■ **DATASET EXCERPTS**
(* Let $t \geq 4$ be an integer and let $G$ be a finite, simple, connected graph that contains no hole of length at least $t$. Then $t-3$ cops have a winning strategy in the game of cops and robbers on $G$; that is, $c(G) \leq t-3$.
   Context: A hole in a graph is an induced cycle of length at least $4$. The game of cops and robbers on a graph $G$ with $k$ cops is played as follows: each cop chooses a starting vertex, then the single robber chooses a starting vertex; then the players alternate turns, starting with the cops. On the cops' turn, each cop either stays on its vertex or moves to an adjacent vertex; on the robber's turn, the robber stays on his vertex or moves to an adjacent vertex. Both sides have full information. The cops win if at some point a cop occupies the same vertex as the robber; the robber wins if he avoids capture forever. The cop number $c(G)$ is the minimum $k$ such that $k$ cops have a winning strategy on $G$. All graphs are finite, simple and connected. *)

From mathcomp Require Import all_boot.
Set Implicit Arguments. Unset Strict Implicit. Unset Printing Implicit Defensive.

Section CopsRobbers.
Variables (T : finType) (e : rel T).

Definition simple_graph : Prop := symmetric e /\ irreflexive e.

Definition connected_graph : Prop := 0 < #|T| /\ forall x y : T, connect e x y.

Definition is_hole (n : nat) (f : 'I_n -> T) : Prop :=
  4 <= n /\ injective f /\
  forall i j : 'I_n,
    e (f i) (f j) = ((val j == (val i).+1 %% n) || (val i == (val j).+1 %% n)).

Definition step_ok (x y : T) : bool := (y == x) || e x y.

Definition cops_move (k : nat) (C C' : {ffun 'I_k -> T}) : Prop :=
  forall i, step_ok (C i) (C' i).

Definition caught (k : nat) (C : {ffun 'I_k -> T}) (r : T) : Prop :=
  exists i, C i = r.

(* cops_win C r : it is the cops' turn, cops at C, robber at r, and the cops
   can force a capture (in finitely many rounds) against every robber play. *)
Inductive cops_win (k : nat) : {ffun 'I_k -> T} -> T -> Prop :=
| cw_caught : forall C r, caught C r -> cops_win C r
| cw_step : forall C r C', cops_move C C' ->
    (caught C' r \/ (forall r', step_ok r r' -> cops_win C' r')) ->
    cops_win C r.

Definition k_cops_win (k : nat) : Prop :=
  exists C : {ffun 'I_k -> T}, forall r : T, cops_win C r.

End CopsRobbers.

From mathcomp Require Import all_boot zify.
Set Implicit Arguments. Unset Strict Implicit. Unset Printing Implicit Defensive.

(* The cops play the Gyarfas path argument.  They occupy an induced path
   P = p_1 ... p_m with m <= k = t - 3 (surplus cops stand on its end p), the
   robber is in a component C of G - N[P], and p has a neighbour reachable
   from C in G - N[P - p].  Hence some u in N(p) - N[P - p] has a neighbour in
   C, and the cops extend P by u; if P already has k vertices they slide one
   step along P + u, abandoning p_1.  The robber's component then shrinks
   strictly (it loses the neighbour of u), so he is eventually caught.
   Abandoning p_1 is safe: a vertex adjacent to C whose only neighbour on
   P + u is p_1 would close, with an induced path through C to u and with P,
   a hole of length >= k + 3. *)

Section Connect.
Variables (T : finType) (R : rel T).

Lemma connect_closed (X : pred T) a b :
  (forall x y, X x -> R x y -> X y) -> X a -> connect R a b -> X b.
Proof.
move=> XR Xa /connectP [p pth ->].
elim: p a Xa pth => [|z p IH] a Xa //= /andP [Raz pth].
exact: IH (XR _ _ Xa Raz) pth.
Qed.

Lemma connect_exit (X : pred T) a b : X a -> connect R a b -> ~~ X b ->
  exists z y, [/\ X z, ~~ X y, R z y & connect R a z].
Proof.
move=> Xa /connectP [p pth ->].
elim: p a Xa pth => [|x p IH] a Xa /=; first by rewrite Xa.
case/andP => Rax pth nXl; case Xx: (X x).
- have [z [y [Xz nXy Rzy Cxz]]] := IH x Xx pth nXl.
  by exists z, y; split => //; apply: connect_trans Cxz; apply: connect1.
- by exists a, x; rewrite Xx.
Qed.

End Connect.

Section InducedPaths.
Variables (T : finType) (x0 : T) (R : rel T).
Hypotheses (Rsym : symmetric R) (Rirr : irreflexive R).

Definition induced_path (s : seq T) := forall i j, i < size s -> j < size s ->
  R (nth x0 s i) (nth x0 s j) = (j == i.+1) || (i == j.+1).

■ **WHAT TO WORK ON**
Your answer must be the full listing, copied exactly.

■ **EXERCISE OUTPUT**
(* Let $t \geq 4$ be an integer and let $G$ be a finite, simple, connected graph that contains no hole of length at least $t$. Then $t-3$ cops have a winning strategy in the game of cops and robbers on $G$; that is, $c(G) \leq t-3$.
   Context: A hole in a graph is an induced cycle of length at least $4$. The game of cops and robbers on a graph $G$ with $k$ cops is played as follows: each cop chooses a starting vertex, then the single robber chooses a starting vertex; then the players alternate turns, starting with the cops. On the cops' turn, each cop either stays on its vertex or moves to an adjacent vertex; on the robber's turn, the robber stays on his vertex or moves to an adjacent vertex. Both sides have full information. The cops win if at some point a cop occupies the same vertex as the robber; the robber wins if he avoids capture forever. The cop number $c(G)$ is the minimum $k$ such that $k$ cops have a winning strategy on $G$. All graphs are finite, simple and connected. *)

From mathcomp Require Import all_boot.
Set Implicit Arguments. Unset Strict Implicit. Unset Printing Implicit Defensive.

Section CopsRobbers.
Variables (T : finType) (e : rel T).

Definition simple_graph : Prop := symmetric e /\ irreflexive e.

Definition connected_graph : Prop := 0 < #|T| /\ forall x y : T, connect e x y.

Definition is_hole (n : nat) (f : 'I_n -> T) : Prop :=
  4 <= n /\ injective f /\
  forall i j : 'I_n,
    e (f i) (f j) = ((val j == (val i).+1 %% n) || (val i == (val j).+1 %% n)).

Definition step_ok (x y : T) : bool := (y == x) || e x y.

Definition cops_move (k : nat) (C C' : {ffun 'I_k -> T}) : Prop :=
  forall i, step_ok (C i) (C' i).

Definition caught (k : nat) (C : {ffun 'I_k -> T}) (r : T) : Prop :=
  exists i, C i = r.

(* cops_win C r : it is the cops' turn, cops at C, robber at r, and the cops
   can force a capture (in finitely many rounds) against every robber play. *)
Inductive cops_win (k : nat) : {ffun 'I_k -> T} -> T -> Prop :=
| cw_caught : forall C r, caught C r -> cops_win C r
| cw_step : forall C r C', cops_move C C' ->
    (caught C' r \/ (forall r', step_ok r r' -> cops_win C' r')) ->
    cops_win C r.

Definition k_cops_win (k : nat) : Prop :=
  exists C : {ffun 'I_k -> T}, forall r : T, cops_win C r.

End CopsRobbers.

From mathcomp Require Import all_boot zify.
Set Implicit Arguments. Unset Strict Implicit. Unset Printing Implicit Defensive.

(* The cops play the Gyarfas path argument.  They occupy an induced path
   P = p_1 ... p_m with m <= k = t - 3 (surplus cops stand on its end p), the
   robber is in a component C of G - N[P], and p has a neighbour reachable
   from C in G - N[P - p].  Hence some u in N(p) - N[P - p] has a neighbour in
   C, and the cops extend P by u; if P already has k vertices they slide one
   step along P + u, abandoning p_1.  The robber's component then shrinks
   strictly (it loses the neighbour of u), so he is eventually caught.
   Abandoning p_1 is safe: a vertex adjacent to C whose only neighbour on
   P + u is p_1 would close, with an induced path through C to u and with P,
   a hole of length >= k + 3. *)

Section Connect.
Variables (T : finType) (R : rel T).

Lemma connect_closed (X : pred T) a b :
  (forall x y, X x -> R x y -> X y) -> X a -> connect R a b -> X b.
Proof.
move=> XR Xa /connectP [p pth ->].
elim: p a Xa pth => [|z p IH] a Xa //= /andP [Raz pth].
exact: IH (XR _ _ Xa Raz) pth.
Qed.

Lemma connect_exit (X : pred T) a b : X a -> connect R a b -> ~~ X b ->
  exists z y, [/\ X z, ~~ X y, R z y & connect R a z].
Proof.
move=> Xa /connectP [p pth ->].
elim: p a Xa pth => [|x p IH] a Xa /=; first by rewrite Xa.
case/andP => Rax pth nXl; case Xx: (X x).
- have [z [y [Xz nXy Rzy Cxz]]] := IH x Xx pth nXl.
  by exists z, y; split => //; apply: connect_trans Cxz; apply: connect1.
- by exists a, x; rewrite Xx.
Qed.

End Connect.

Section InducedPaths.
Variables (T : finType) (x0 : T) (R : rel T).
Hypotheses (Rsym : symmetric R) (Rirr : irreflexive R).

Definition induced_path (s : seq T) := forall i j, i < size s -> j < size s ->
  R (nth x0 s i) (nth x0 s j) = (j == i.+1) || (i == j.+1).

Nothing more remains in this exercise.